** Opening TASK DATA block **

Lemma nil_assoc_zerodiv_nil : zerodiv_nil R.
Proof.
move=> x y _ _ yx x0; apply: NNPP => ny.
pose good t := t <> 0 /\ y * t = 0.
have /functional_choice [g gP] : forall t, exists t', good t ->
  [/\ t' <> 0, y * t' = 0, forall u, u * t = 0 -> u * t' = 0
    & exists2 v, v * t' = 0 & v * t <> 0].
  move=> t; have [[t0 yt] | bad] := classic (good t); last by exists t.
  by have [t' ht'] := annihilator_extend ny yt t0; exists t'.
pose t n := iter n g x.
have good_t n : good (t n).
  by elim: n => [|n [t0 yt]]; [split | have [] := gP _ (conj t0 yt)].
have [N stab] : exists N, forall u, u * t N.+1 = 0 -> u * t N = 0.
  by apply: noetherian_annihilator_chain => n; have [] := gP _ (good_t n).
by have [_ _ _ [v /stab]] := gP _ (good_t N).
Qed.

End NoetherianAssociatedPrime.

Definition is_fraction_map (T U : comPzRingType) (D : T -> Prop) (f : T -> U) :=
  [/\ [/\ D 0, D 1 & forall x y, D x -> D y -> D (x * y)],
      [/\ f 0 = 0, f 1 = 1 & forall x y, D x -> D y -> f (x * y) = f x * f y],
      (forall x y, D x -> D y -> f x = f y -> x = y) &
      forall u, exists x s, [/\ D x, D s, exists t, f s * t = 1 & u * f s = f x]].

Section FractionMap.
Variables (T U : comPzRingType) (D : T -> Prop) (f : T -> U).
Hypothesis fracf : is_fraction_map D f.

Let D0 : D 0. Proof. by case: fracf => -[]. Qed.
Let D1 : D 1. Proof. by case: fracf => -[]. Qed.
Let DM x y : D x -> D y -> D (x * y).
Proof. by case: fracf => -[_ _ DM] *; apply: DM. Qed.
Let f0 : f 0 = 0. Proof. by case: fracf => _ []. Qed.
Let f1 : f 1 = 1. Proof. by case: fracf => _ []. Qed.
Let fM x y : D x -> D y -> f (x * y) = f x * f y.
Proof. by case: fracf => _ [_ _ fM] *; apply: fM. Qed.
Let f_inj x y : D x -> D y -> f x = f y -> x = y.
Proof. by case: fracf => _ _ f_inj *; apply: f_inj. Qed.
Let f_frac u : exists x s, [/\ D x, D s, exists t, f s * t = 1 & u * f s = f x].
Proof. by case: fracf => _ _ _. Qed.

Lemma D_exp x n : D x -> D (x ^+ n).
Proof. by move=> Dx; elim: n => [|n IH]; rewrite ?expr0 // exprS; apply: DM. Qed.

Lemma f_exp x n : D x -> f (x ^+ n) = f x ^+ n.
Proof.
move=> Dx; elim: n => [|n IH]; first by rewrite !expr0.
by rewrite !exprS fM ?IH //; apply: D_exp.
Qed.

Lemma nilrad_frac x : D x -> nilrad (f x) <-> nilrad x.
Proof.
move=> Dx; split=> -[k xk]; exists k; last by rewrite -f_exp // xk.
by apply: f_inj; rewrite ?f_exp ?xk ?f0 //; apply: D_exp.
Qed.

Lemma zerodiv_nil_frac : zerodiv_nil_on D -> zerodiv_nil U.
Proof.
move=> zdn z y _ _ yz z0.
have [x [s [Dx Ds [t st] ys]]] := f_frac y.
have [w [s' [Dw Ds' [t' st'] zs']]] := f_frac z.
have xw : x * w = 0.
  apply: f_inj => //; first exact: DM.
  by rewrite fM // f0 -ys -zs' mulrACA yz mul0r.
have w0 : w <> 0.
  by move=> w0; apply: z0; apply: (mulr_unit_eq0 st'); rewrite zs' w0 f0.
apply: (nilrad_mulr_unit st); rewrite ys nilrad_frac //; exact: zdn xw w0.
Qed.

Lemma nil_annihilator_frac z : D z -> z <> 0 ->
    (forall y, D y -> nilrad y -> y * z = 0) ->
  f z <> 0 /\ forall u, nilrad u -> u * f z = 0.
Proof.
move=> Dz z0 nil_z; split=> [fz0 | u nu]; first by apply/z0/f_inj; rewrite ?f0.
have [x [s [Dx Ds [t st] us]]] := f_frac u.
have xz : x * z = 0 by apply: nil_z; rewrite // -nilrad_frac // -us; apply: nilradMr.
apply: (mulr_unit_eq0 st); by rewrite mulrAC us -fM // xz f0.
Qed.

End FractionMap.

Section Valuation.
Variables (G : zmodType) (R : comPzRingType) (nu : R -> option G).
Hypothesis nuM : forall x y, nu (x * y) = vadd (nu x) (nu y).
Hypotheses (nu1 : nu 1 = Some 0) (nu0 : nu 0 = None).

Lemma nu_exp_None x n : nu (x ^+ n) = None -> nu x = None.
Proof.
elim: n => [|n IH]; first by rewrite expr0 nu1.
rewrite exprS nuM; case Ex: (nu x) => [gx|] //.
by case Exn: (nu (x ^+ n)) => // _; rewrite -Ex IH.
Qed.

Lemma nu_nilrad x : nilrad x -> nu x = None.
Proof. by case=> n xn; apply: (@nu_exp_None _ n); rewrite xn nu0. Qed.

End Valuation.

Lemma localization_away_fraction_map (R Rb : comPzRingType)
    (phi : {rmorphism R -> Rb}) (b : R) :
  is_localization_away phi b -> zerodiv_nil R -> ~ nilrad b ->
  is_fraction_map (fun=> True) phi.
Proof.
move=> [[t bt] phi_frac phi_ker] zdnR nilb.
split; rewrite ?rmorph0 ?rmorph1 //; first by split=> // *; rewrite rmorphM.
  move=> x y _ _ /phi_ker [n bxy].
  by apply: (@zerodiv_nil_on_mulrI _ (fun=> True) (b ^+ n)) => // /nilradX.
move=> u; have [x [n un]] := phi_frac u; exists x, (b ^+ n).
split=> //; last by rewrite rmorphXn.
by exists (t ^+ n); rewrite rmorphXn -exprMn bt expr1n.
Qed.

(* Injectivity on A: if c x = c y with c outside C, then c is not nilpotent,
   so it is not a zero divisor of A. *)
Lemma localization_on_fraction_map (Rb R1 : comPzRingType) (A C : Rb -> Prop)
    (psi : Rb -> R1) :
  is_localization_on A C psi -> is_subring A -> zerodiv_nil_on A ->
  (forall c, A c -> nilrad c -> C c) -> is_fraction_map A psi.
Proof.
move=> [psi1 psiDM psi_unit psi_frac psi_ker] [A1 AB AM] zdnA nil_C.
have A0 : A 0 by rewrite -(subrr 1); apply: AB.
split=> //.
- split=> //; last by move=> x y Ax Ay; have [] := psiDM x y Ax Ay.
  have [psi00 _] := psiDM 0 0 A0 A0; rewrite addr0 in psi00.
  by apply: (addrI (psi 0)); rewrite addr0 -psi00.
- move=> x y Ax Ay /(psi_ker x y Ax Ay) [c [Ac nCc cxy]].
  apply: (zerodiv_nil_on_mulrI zdnA Ac) => //; first exact: AB.
  by move/(nil_C c Ac).
- move=> u; have [x [s [Ax As nCs us]]] := psi_frac u.
  by exists x, s; split=> //; apply: psi_unit.
Qed.

Section BlowupRing.
Variables (R Rb : comPzRingType) (phi : {rmorphism R -> Rb}) (b : R) (a : seq R).

Lemma blowup_ring_subring : is_subring (blowup_ring phi b a).
Proof.
split; first by move=> S [].
- move=> x y Ax Ay S HS Sphi Sa; case: (HS) => _ SB _.
  by apply: SB; [apply: Ax | apply: Ay].
- move=> x y Ax Ay S HS Sphi Sa; case: (HS) => _ _ SM.
  by apply: SM; [apply: Ax | apply: Ay].
Qed.

Lemma blowup_ring_phi r : blowup_ring phi b a (phi r).
Proof. by move=> S _ Sphi _; apply: Sphi. Qed.

Lemma blowup_center_nilrad (G : zmodType) (le : rel G) (nu : R -> option G) c :
    (forall x y, nu (x * y) = vadd (nu x) (nu y)) -> nu 1 = Some 0 -> nu 0 = None ->
    nu b <> None -> is_localization_away phi b -> is_fraction_map (fun=> True) phi ->
  blowup_ring phi b a c -> nilrad c -> blowup_center le nu phi b a c.
Proof.
move=> nuM nu1 nu0 nub [_ phi_frac _] phi_fraction Ac nc; split=> //.
have [e [n cn]] := phi_frac c; exists e, n; split=> //.
have -> : nu e = None.
  apply: (nu_nilrad nuM nu1 nu0); rewrite -(nilrad_frac phi_fraction) // -cn.
  exact: nilradMr.
rewrite /vlt /=; case E: (nu (b ^+ n)) => //.
by move: E => /(nu_exp_None nuM nu1).
Qed.

End BlowupRing.

Theorem mainTheorem9 (R : comPzRingType) (m : R -> Prop)
    (G : zmodType) (le : rel G) (nu : R -> option G)
    (b : R) (a : seq R) (Rb : comPzRingType) (phi : {rmorphism R -> Rb})
    (R1 : comPzRingType) (psi : Rb -> R1) :
  noetherian R -> is_local m ->
  ordered_group le -> is_valuation le nu -> centered_on le nu m ->
  local_blowup le nu b a phi psi ->
  nil_only_assoc R -> nil_only_assoc R1.
Proof.
move=> noethR _ _ [nuM _ nu1 nu0 _] _ [nub _ loc_phi loc_psi] nil_assR.
have zdnR := nil_assoc_zerodiv_nil noethR nil_assR.
have [x0 x00 nil_x0] := nil_assoc_annihilator nil_assR.
have nilb : ~ nilrad b by move/(nu_nilrad nuM nu1 nu0).
have phi_fraction := localization_away_fraction_map loc_phi zdnR nilb.
have zdnRb := zerodiv_nil_frac phi_fraction zdnR.
have [phix00 nil_phix0] :=
  nil_annihilator_frac phi_fraction (I : True) x00 (fun y _ => nil_x0 y).
have zdnA : zerodiv_nil_on (blowup_ring phi b a) by move=> x y _ _; apply: zdnRb.
have psi_fraction := localization_on_fraction_map loc_psi
  (blowup_ring_subring phi b a) zdnA
  (fun c => blowup_center_nilrad le nuM nu1 nu0 nub loc_phi phi_fraction (c:=c)).
have [psix00 nil_psix0] := nil_annihilator_frac psi_fraction
  (blowup_ring_phi (phi:=phi) (b:=b) (a:=a) x0) phix00 (fun y _ => nil_phix0 y).
exact: nil_only_assoc_of (zerodiv_nil_frac psi_fraction zdnA) psix00 nil_psix0.
Qed.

** Closing TASK DATA block **

▶ [TASK PROMPT]
Word for word, reproduce the lines of the listing from the first one through the line containing "by elim: n =>", and no more.

▶ [SOLUTION BELOW]
Lemma nil_assoc_zerodiv_nil : zerodiv_nil R.
Proof.
move=> x y _ _ yx x0; apply: NNPP => ny.
pose good t := t <> 0 /\ y * t = 0.
have /functional_choice [g gP] : forall t, exists t', good t ->
  [/\ t' <> 0, y * t' = 0, forall u, u * t = 0 -> u * t' = 0
    & exists2 v, v * t' = 0 & v * t <> 0].
  move=> t; have [[t0 yt] | bad] := classic (good t); last by exists t.
  by have [t' ht'] := annihilator_extend ny yt t0; exists t'.
pose t n := iter n g x.
have good_t n : good (t n).
  by elim: n => [|n [t0 yt]]; [split | have [] := gP _ (conj t0 yt)].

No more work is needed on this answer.